(Dataset entries)
Content starts
Lemma sch_label_at_vertex u s : S s -> exists v, sch_label u v s.
Proof.
move=> Ss; have [|u' [v' [uv' psi_uv']]] := psi_onto (p := (phi u, mul s (phi u))).
  by rewrite /cay_edge /= mulgK.
have := sch_joins_orbit psi_uv' (psi_joins uv'); rewrite /sch_joins /=.
case=> [[/phi_inj uE sv']|[/phi_inj uE su']]; [subst u' | subst v'].
- by exists v'; split=> //; exists (phi u); split=> //; [exact: coset_refl | exact: coset_sym].
- exists u'; split; first by rewrite adj_sym.
  exists (phi u); split; [exact: coset_refl | exact: coset_sym |].
  exact: orbit_trans (orbit_sym (psi_sym uv')) psi_uv'.
Qed.

Lemma sch_label_inv u v s : sch_label u v s -> sch_label v u (inv s).
Proof.
case=> uv [y [uy vsy psi_uv]]; split; first by rewrite adj_sym.
exists (mul s y); rewrite mulKg; split=> //.
exact: orbit_trans (orbit_sym (psi_sym uv)) (orbit_trans psi_uv (orbit_swap _)).
Qed.

(* Two representatives of the same orbit differ by right multiplication,
   forcing s = t, or by a swap, which would make uv a loop. *)
Lemma sch_label_uniq u v s t : sch_label u v s -> sch_label u v t -> s = t.
Proof.
case=> uv [y [uy vsy psi_uv]] [_ [y' [uy' vty' psi_uv']]].
have [h [Hh [[/= y'E ty'E]|[/= y'E ty'E]]]] := orbit_trans (orbit_sym psi_uv) psi_uv'.
  by apply/esym/(@mulIg (mul y h)); rewrite -y'E ty'E y'E mulgA.
suff /phi_inj uvE : coset_rel (phi u) (phi v) by rewrite uvE adj_irr in uv.
apply: coset_trans uy' _; rewrite y'E; apply: coset_sym.
exact: coset_trans vsy (coset_mulr _ Hh).
Qed.

Lemma sch_label_nb_uniq u v w s : sch_label u v s -> sch_label u w s -> v = w.
Proof.
case=> uv [y [uy vsy psi_uv]] [uw [y' [uy' wsy' psi_uw]]].
have yy' : H (mul (inv y) y') := coset_trans (coset_sym uy) uy'.
have : orbit_rel (psi u v) (psi u w).
  apply: orbit_trans psi_uv (orbit_trans _ (orbit_sym psi_uw)).
  by have := orbit_mul y (mul s y) yy'; rewrite -mulgA !(mulgA y) mulgV mul1g.
by case/(psi_inj uv uw) => -[// uw_eq vw]; rewrite -uw_eq -vw adj_irr in uw.
Qed.

Lemma sch_nb_exists s u : exists v, S s -> sch_label u v s.
Proof.
have [Ss|nSs] := classic (S s); last by exists u.
by have [v uv] := sch_label_at_vertex u Ss; exists v.
Qed.

Lemma edge_label_exists u v : exists s, adj u v -> S s /\ sch_label u v s.
Proof.
have [uv|_] := boolP (adj u v); last by exists e.
by have [s Ss l] := sch_label_of_edge uv; exists s.
Qed.

(* The other end of the s-labelled edge at u; junk unless S s. *)
Definition sch_nb s u : V :=
  proj1_sig (constructive_indefinite_description _ (sch_nb_exists s u)).
Definition edge_label u v : G :=
  proj1_sig (constructive_indefinite_description _ (edge_label_exists u v)).

Lemma sch_nbP s u : S s -> sch_label u (sch_nb s u) s.
Proof. exact: proj2_sig (constructive_indefinite_description _ (sch_nb_exists s u)). Qed.

Lemma edge_labelP u v : adj u v -> S (edge_label u v) /\ sch_label u v (edge_label u v).
Proof. exact: proj2_sig (constructive_indefinite_description _ (edge_label_exists u v)). Qed.

Lemma adj_sch_nb s u : S s -> adj u (sch_nb s u).
Proof. by case/(sch_nbP u). Qed.
Lemma sch_nbK s u : S s -> sch_nb (inv s) (sch_nb s u) = u.
Proof.
move=> Ss; apply/esym/(sch_label_nb_uniq (sch_label_inv (sch_nbP u Ss))).
exact/sch_nbP/S_sym.
Qed.
Lemma edge_labelK u v : adj u v -> sch_nb (edge_label u v) u = v.
Proof.
by case/edge_labelP=> Ss uvs; apply/esym/(sch_label_nb_uniq uvs)/sch_nbP.
Qed.
Lemma edge_label_nb s u : S s -> edge_label u (sch_nb s u) = s.
Proof.
move=> Ss; have [_ l] := edge_labelP (adj_sch_nb u Ss).
exact: sch_label_uniq l (sch_nbP u Ss).
Qed.

Lemma odd_degree_involution c :
  odd #|[set w | adj c w]| -> exists2 s, S s & inv s = s.
Proof.
pose f v := sch_nb (inv (edge_label c v)) c.
have Sf v : adj c v -> S (inv (edge_label c v)) by case/edge_labelP => /S_sym.
have f_in : {in [set w | adj c w], forall v, f v \in [set w | adj c w]}.
  by move=> v; rewrite !inE => /Sf/adj_sch_nb.
have fK : {in [set w | adj c w], cancel f f}.
  move=> v; rewrite inE => cv.
  by rewrite /f edge_label_nb ?invgK ?edge_labelK //; exact: Sf.
move=> odd_c; have [v] := involution_fixpoint f_in fK odd_c.
rewrite inE => cv fv; exists (edge_label c v); first by case: (edge_labelP cv).
by rewrite -{2}fv /f edge_label_nb //; exact: Sf.
Qed.

Lemma odd_degree_perfect_matching c : odd #|[set w | adj c w]| ->
  exists M : V -> V, (forall u, adj u (M u)) /\ involutive M.
Proof.
case/odd_degree_involution=> s Ss sV; exists (sch_nb s).
by split=> u; [exact: adj_sch_nb | rewrite -{1}sV sch_nbK].
Qed.

End Labels.

Lemma schreier_odd_degree_matching (S : G -> Prop) (V : finType) (adj : rel V) c :
  (forall s, S s -> S (inv s)) -> symmetric adj -> irreflexive adj ->
  schreier_iso mul inv H S adj -> odd #|[set w | adj c w]| ->
  exists M : V -> V, (forall u, adj u (M u)) /\ involutive M.
Proof.
move=> S_sym adj_sym adj_irr
  [phi [psi [_ [phi_inj [psi_cay [psi_sym [psi_onto [psi_inj psi_joins]]]]]]]].
exact: (odd_degree_perfect_matching S_sym adj_sym adj_irr phi_inj psi_cay psi_sym
  psi_onto psi_inj psi_joins).
Qed.

End SchreierGraphs.

Lemma card_set_option (T : finType) (P : pred (option T)) :
  #|[set w | P w]| = P None + #|[set t | P (Some t)]|.
Proof.
rewrite (cardsD1 None) inE -(card_imset [set t | P (Some t)] (@Some_inj _)).
congr (_ + _); apply: eq_card => -[t|]; rewrite !inE.
  by rewrite mem_imset ?inE //; exact: Some_inj.
by apply/esym/imsetP => -[].
Qed.

(* For k = 2m+1: a hub [None] joined to k blocks [Some (i, _)]; block i is a
   vertex [Some (i, None)] joined to the 2m matched vertices of K_{2m+2} minus
   a matching of size m, whose vertices form the type [gadget]. *)
Section OddRegularGraph.
Variable m : nat.

Definition gadget := (bool * option 'I_m)%type.

Definition mate (x : gadget) : gadget := if x.2 is Some _ then (~~ x.1, x.2) else x.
Content ends
*Work request*.
Nothing but an exact copy of the lines from the first one above through the line holding "case=> [[/phi_inj uE" should be returned.

*Answer to the problem*.
Lemma sch_label_at_vertex u s : S s -> exists v, sch_label u v s.
Proof.
move=> Ss; have [|u' [v' [uv' psi_uv']]] := psi_onto (p := (phi u, mul s (phi u))).
  by rewrite /cay_edge /= mulgK.
have := sch_joins_orbit psi_uv' (psi_joins uv'); rewrite /sch_joins /=.
case=> [[/phi_inj uE sv']|[/phi_inj uE su']]; [subst u' | subst v'].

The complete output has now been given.